Search each line of the data for the word "realType"; copy every line where it is found.

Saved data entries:

········

(* Consider an ESP instance with integer weights and let $L^*$ be the minimum total latency of a feasible expanding search pattern. Fix $\varepsilon>0$, let $W=\sum_{v\in V}w_v$ and $\omega=\lceil \log W/\log(1+\varepsilon)\rceil$. For each $i\in\{0,\dots,\omega\}$ let $T_i$ be the tree obtained by applying a polynomial-time $5/2$-approximation algorithm for the quota version of the prize-collecting Steiner tree problem with quota $q_i=W-W(1+\varepsilon)^{-i}$, so that $T_i$ contains $r$, has total vertex weight at least $q_i$, and has length $\ell(T_i)=\sum_{e\in E(T_i)}\ell_e$ at most $5/2$ times the minimum length of such a tree; here $T_0=(\{r\},\emptyset)$. Let $H$ be the directed graph with vertex set $\{0,\dots,\omega\}$, arcs $(i,j)$ for all $i<j$, and arc costs $c_{i,j}=W(1+\varepsilon)^{-i}\ell(T_j)$. Then a shortest $(0,\omega)$-path in $H$ has cost at most $\frac52(1+\varepsilon)eL^*$.
   Context: ESP: connected undirected graph $G=(V,E)$, root $r$, edge lengths $\ell_e\in\mathbb{Z}_{\ge0}$, vertex weights $w_v\in\mathbb{Z}_{\ge0}$, $V^*=\{v:w_v>0\}$. An expanding search pattern is a sequence $\sigma=(e_1,\dots,e_m)$ of edges with $r\in e_1$ such that $\{e_1,\dots,e_i\}$ is a tree for every $i$; it is feasible if it visits all of $V^*$. For $v\in V^*\setminus\{r\}$, $k_v=\min\{i:v\in e_i\}$, $k_r=0$, latency $L_v(\sigma)=\sum_{i\le k_v}\ell_{e_i}$, total latency $L(\sigma)=\sum_{v\in V^*}w_vL_v(\sigma)$. The cost of a path in $H$ is the sum of its arc costs. *)

From HB Require Import structures.
From mathcomp Require Import all_boot all_order all_algebra.
From mathcomp Require Import reals sequences exp.
Set Implicit Arguments. Unset Strict Implicit. Unset Printing Implicit Defensive.
Import Order.TTheory GRing.Theory Num.Theory.

Section Graphs.
Variables (V E : finType) (ends : E -> V * V).

Definition incident (v : V) (e : E) : bool :=
  (v == (ends e).1) || (v == (ends e).2).

Definition adj (F : {set E}) : rel V := fun x y =>
  [exists e in F, (((ends e).1 == x) && ((ends e).2 == y))
               || (((ends e).1 == y) && ((ends e).2 == x))].

Definition graph_connected : Prop := forall x y : V, connect (adj setT) x y.

Definition vset (F : {set E}) : {set V} := [set v | [exists e in F, incident v e]].

(* (U, F) is a tree: nonempty vertex set, edges inside U, connected,
   and acyclic (every edge is a bridge, i.e. minimally connected). *)
Definition is_tree (U : {set V}) (F : {set E}) : Prop :=
  [/\ U != set0,
      (forall e, e \in F -> (ends e).1 \in U /\ (ends e).2 \in U),
      (forall x y, x \in U -> y \in U -> connect (adj F) x y) &
      (forall e, e \in F -> ~~ connect (adj (F :\ e)) (ends e).1 (ends e).2)].

Definition edge_tree (F : {set E}) : Prop := is_tree (vset F) F.

Definition expanding_pattern (r : V) (s : seq E) : Prop :=
  (match s with [::] => True | e :: _ => incident r e end) /\
  (forall i, 0 < i <= size s -> edge_tree [set e in take i s]).

Definition feasible (w : V -> nat) (r : V) (s : seq E) : Prop :=
  forall v, 0 < w v -> (v == r) || has (incident v) s.

(* latency of v: total length of e_1..e_{k_v}, k_v the first index with
   v in e_{k_v} (1-based), and k_r = 0 *)
Definition latency (len : E -> nat) (r : V) (s : seq E) (v : V) : nat :=
  if v == r then 0 else \sum_(e <- take (find (incident v) s).+1 s) len e.

Definition total_latency (len : E -> nat) (w : V -> nat) (r : V) (s : seq E) : nat :=
  \sum_(v | 0 < w v) w v * latency len r s v.

Definition wset (w : V -> nat) (U : {set V}) : nat := \sum_(v in U) w v.
Definition lenset (len : E -> nat) (F : {set E}) : nat := \sum_(e in F) len e.

End Graphs.

Fixpoint path_cost (R : Type) (add : R -> R -> R) (zero : R)
    (c : nat -> nat -> R) (i : nat) (p : seq nat) : R :=
  match p with
  | [::] => zero
  | j :: p' => add (c i j) (path_cost add zero c j p')
  end.

From HB Require Import structures.
From mathcomp Require Import all_boot all_order all_algebra.
From mathcomp Require Import reals sequences exp.
From mathcomp Require Import ring lra zify.

Set Implicit Arguments.
Unset Strict Implicit.
Unset Printing Implicit Defensive.
Import Order.TTheory GRing.Theory Num.Theory.

(* Fix a feasible pattern of latency L* and let t_j be the first time at which
   it has visited weight at least q_j.  Its prefix of length t_j is a tree
   through r of weight at least q_j, so l(T_j) <= 5/2 t_j; and as weight more
   than W (1+eps)^-(j+1) is still unvisited during [t_j, t_{j+1}),
   L* >= sum_j (t_{j+1} - t_j) W (1+eps)^-(j+1).
   With rho = 1 + eps and gamma = rho^K, the path of H through every K-th index
   (shifted by an offset b) charges each increment t_{j+1} - t_j at most
   gamma/(gamma-1) W rho^-(j+1) rho^D, where D in [1, K] is the distance from
   j + 1 back to the last visited index.  Averaging over the K offsets replaces
   rho^D by rho (gamma - 1) / (K eps), and choosing K with gamma <= e eps K
   gives the factor (1 + eps) e. *)

Definition covered_weight {V : finType} (w lat : V -> nat) (tau : nat) : nat :=
  \sum_(v | lat v <= tau) w v.

Lemma leq_sum_sub_support (T : finType) (w : T -> nat) (P : pred T) (A : {set T}) :
  (forall v, P v -> 0 < w v -> v \in A) ->
  \sum_(v | P v) w v <= \sum_(v in A) w v.
Proof.
move=> supp; rewrite [X in X <= _]big_mkcond [X in _ <= X]big_mkcond /=.
apply: leq_sum => v _; case: ifP => // Pv.
by case: (posnP (w v)) => [->//|/(supp v Pv) ->].
Qed.

Section PatternPrefix.
Variables (V E : finType) (ends : E -> V * V) (len : E -> nat).

Lemma is_tree_set1 (r : V) : is_tree ends [set r] set0.
Proof.
split=> [|e|x y|e]; rewrite ?inE //.
  by apply/set0Pn; exists r; rewrite inE.
by move=> /eqP -> /eqP ->.
Qed.

Lemma mem_vset_seq (l : seq E) v :
  (v \in vset ends [set e in l]) = has (incident ends v) l.
Proof.
rewrite inE; apply/existsP/hasP=> [[e /andP[el ve]]|[e el ve]]; exists e => //.
  by rewrite inE in el.
by rewrite inE el.
Qed.

Lemma lenset_le_sum (l : seq E) : lenset len [set e in l] <= \sum_(e <- l) len e.
Proof.
elim: l => [|e l IHl]; first by rewrite /lenset big_pred0 // => e; rewrite inE.
have -> : [set x in e :: l] = e |: [set x in l] by apply/setP => x; rewrite !inE.
rewrite /lenset big_cons; case: (boolP (e \in [set x in l])) => el.
  by rewrite (setUidPr _) ?sub1set // (leq_trans IHl) ?leq_addl.
by rewrite big_setU1 //= leq_add2l.
Qed.

Variables (w : V -> nat) (r : V) (s : seq E).
Hypotheses (s_pattern : expanding_pattern ends r s)
           (s_feasible : feasible ends w r s).

Lemma pattern_prefix_tree k : k <= size s ->
  is_tree ends (r |: vset ends [set e in take k s]) [set e in take k s].
Proof.
case: s_pattern => s_head s_trees ks; case: (posnP k) => [->|k_gt0].
  have -> : [set e in take 0 s] = set0 by apply/setP => e; rewrite take0 !inE.
  have -> : vset ends set0 = set0.
    by apply/setP => v; rewrite !inE; apply/existsP => -[e]; rewrite inE.
  by rewrite setU0; apply: is_tree_set1.
have r_in : r \in vset ends [set e in take k s].
  case: s s_head ks {s_trees} => [|e s'] /= e_r ks; first lia.
  by rewrite mem_vset_seq -(prednK k_gt0) /= e_r.
by rewrite (setUidPr _) ?sub1set //; apply: s_trees; rewrite k_gt0.
Qed.

Lemma pattern_budget_tree tau : exists U' F',
  [/\ is_tree ends U' F', r \in U', lenset len F' <= tau &
      covered_weight w (latency ends len r s) tau <= wset w U'].
Proof.
pose plen k := \sum_(e <- take k s) len e.
have plen0 : exists k, (k <= size s) && (plen k <= tau).
  by exists 0; rewrite /plen take0 big_nil.
have plen_ub k : (k <= size s) && (plen k <= tau) -> k <= size s by case/andP.
have [k /andP[ks plen_k] k_max] := ex_maxnP plen0 plen_ub.
exists (r |: vset ends [set e in take k s]), [set e in take k s]; split.
- exact: pattern_prefix_tree.
- exact: setU11.
- exact: leq_trans (lenset_le_sum _) plen_k.
apply: leq_sum_sub_support => v lat_v w_v.
have [->|v_r] := eqVneq v r; first exact: setU11.
have v_s : has (incident ends v) s by have := s_feasible w_v; rewrite (negbTE v_r).
rewrite /latency (negbTE v_r) -/(plen _) in lat_v.
by rewrite setU1r // mem_vset_seq has_take // k_max // -has_find v_s.
Qed.

Lemma total_latencyE :
  total_latency ends len w r s = \sum_v w v * latency ends len r s v.
Proof.
by rewrite /total_latency big_mkcond; apply: eq_bigr => v _; case: posnP => [->|].
Qed.
End PatternPrefix.

Lemma sum_increments_below (t : nat -> nat) (L n : nat) :
  (forall j, t j <= t j.+1) ->
  \sum_(j < n | t j.+1 <= L) (t j.+1 - t j) <= L.
Proof.
move=> t_mono; suff : \sum_(j < n | t j.+1 <= L) (t j.+1 - t j) <= minn L (t n).
  by move/leq_trans; apply; rewrite geq_minl.
elim: n => [|n IHn]; first by rewrite big_ord0.
rewrite big_mkcond big_ord_recr /= -big_mkcond.
apply: leq_trans (leq_add IHn (leqnn _)) _; have := t_mono n; case: ifP => ? ?; lia.
Qed.

Lemma sum_tail_weight_le (V : finType) (w lat : V -> nat) (t : nat -> nat) n :
  (forall j, t j <= t j.+1) ->
  \sum_(j < n) (t j.+1 - t j) * \sum_(v | t j.+1 <= lat v) w v
    <= \sum_v w v * lat v.
Proof.
move=> t_mono; rewrite (eq_bigr (fun j : 'I_n =>
  \sum_v if t j.+1 <= lat v then (t j.+1 - t j) * w v else 0)); last first.
  by move=> j _; rewrite big_distrr big_mkcond.
rewrite exchange_big /=; apply: leq_sum => v _.
by rewrite -big_mkcond -big_distrl /= mulnC leq_mul2l sum_increments_below ?orbT.
Qed.

Local Open Scope ring_scope.

Section Quantiles.
Variables (R : realType) (V : finType) (w lat : V -> nat) (q : nat -> R).
Local Notation W := (\sum_v w v)%N.
Local Notation G := (covered_weight w lat).

Lemma exists_quantile : (forall j, q j <= W%:R) ->
  exists t : nat -> nat, (forall j, q j <= (G (t j))%:R) /\
                         (forall j tau, q j <= (G tau)%:R -> (t j <= tau)%N).
Proof.
move=> q_le_W.
have q_covered j : exists tau, q j <= (G tau)%:R.
  exists (\max_v lat v); rewrite /covered_weight (eq_bigl xpredT) => // v.
  exact: leq_bigmax.
exists (fun j => ex_minn (q_covered j)).
by split=> [j|j tau]; case: ex_minnP => // tj _; apply.
Qed.

Variable t : nat -> nat.
Hypotheses (t_cover : forall j, q j <= (G (t j))%:R)
           (t_min : forall j tau, q j <= (G tau)%:R -> (t j <= tau)%N).
Hypotheses (q0_le0 : q 0 <= 0) (q_mono : forall j, q j <= q j.+1).

Lemma quantile0 : t 0 = 0%N.
Proof. by apply/eqP; rewrite -leqn0 t_min // (le_trans q0_le0). Qed.

Lemma quantile_mono j : (t j <= t j.+1)%N.
Proof. exact/t_min/(le_trans (q_mono j)). Qed.

Lemma tail_weight_gt j : (0 < t j)%N ->
  W%:R - q j < (\sum_(v | (t j <= lat v)%N) w v)%:R.
Proof.
move=> tj_gt0; have G_lt : (G (t j).-1)%:R < q j.
  by rewrite ltNge; apply/negP => /t_min; lia.
have -> : W = (G (t j).-1 + \sum_(v | t j <= lat v) w v)%N.
  rewrite (bigID (fun v => (lat v <= (t j).-1)%N)) /=; congr (_ + _).
  by apply: eq_bigl => v; rewrite -ltnNge -ltnS prednK.
rewrite natrD; lra.
Qed.

Lemma latency_lower_bound n :
  \sum_(j < n) ((t j.+1)%:R - (t j)%:R) * (W%:R - q j.+1)
    <= (\sum_v w v * lat v)%N%:R.
Proof.
apply: le_trans (_ : _ <= (\sum_(j < n) (t j.+1 - t j) *
                               \sum_(v | t j.+1 <= lat v) w v)%N%:R) _; last first.
  by rewrite ler_nat sum_tail_weight_le //; apply: quantile_mono.
rewrite [leRHS]natr_sum; apply: ler_sum => j _; rewrite natrM natrB ?quantile_mono //.
have [tj0|tj_gt0] := posnP (t j.+1).
  have := quantile_mono j; rewrite tj0 leqn0 => /eqP ->.
  by rewrite subrr !mul0r.
by rewrite ler_wpM2l ?subr_ge0 ?ler_nat ?quantile_mono // ltW // tail_weight_gt.
Qed.
End Quantiles.

Lemma pattern_quantiles (R : realType) (V E : finType) (ends : E -> V * V)
    (len : E -> nat) (w : V -> nat) (r : V) (s : seq E) (q : nat -> R) :
  expanding_pattern ends r s -> feasible ends w r s ->
  q 0 <= 0 -> (forall j, q j <= q j.+1) -> (forall j, q j <= (\sum_v w v)%N%:R) ->
  exists t : nat -> nat,
    [/\ t 0 = 0%N, forall j, (t j <= t j.+1)%N,
        forall j, exists U' F', [/\ is_tree ends U' F', r \in U',
                                  (lenset len F' <= t j)%N & q j <= (wset w U')%:R] &
        forall n, \sum_(j < n) ((t j.+1)%:R - (t j)%:R) *
                              ((\sum_v w v)%N%:R - q j.+1)
                    <= (total_latency ends len w r s)%:R].
Proof.
move=> s_pattern s_feasible q0 q_mono q_le_W.
have [t [t_cover t_min]] := exists_quantile (latency ends len r s) q_le_W.
exists t; split.
- exact: quantile0 t_min q0.
- exact: quantile_mono t_cover t_min q_mono.
- move=> j; have [U' [F' [U'_tree r_U' F'_len U'_w]]] :=
    pattern_budget_tree len s_pattern s_feasible (t j).
  by exists U', F'; split=> //; apply: le_trans (t_cover j) _; rewrite ler_nat.
- by move=> n; rewrite total_latencyE; apply: latency_lower_bound.
Qed.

········

▶ _Your response_:
Variables (R : realType) (V : finType) (w lat : V -> nat) (q : nat -> R).
Lemma pattern_quantiles (R : realType) (V E : finType) (ends : E -> V * V)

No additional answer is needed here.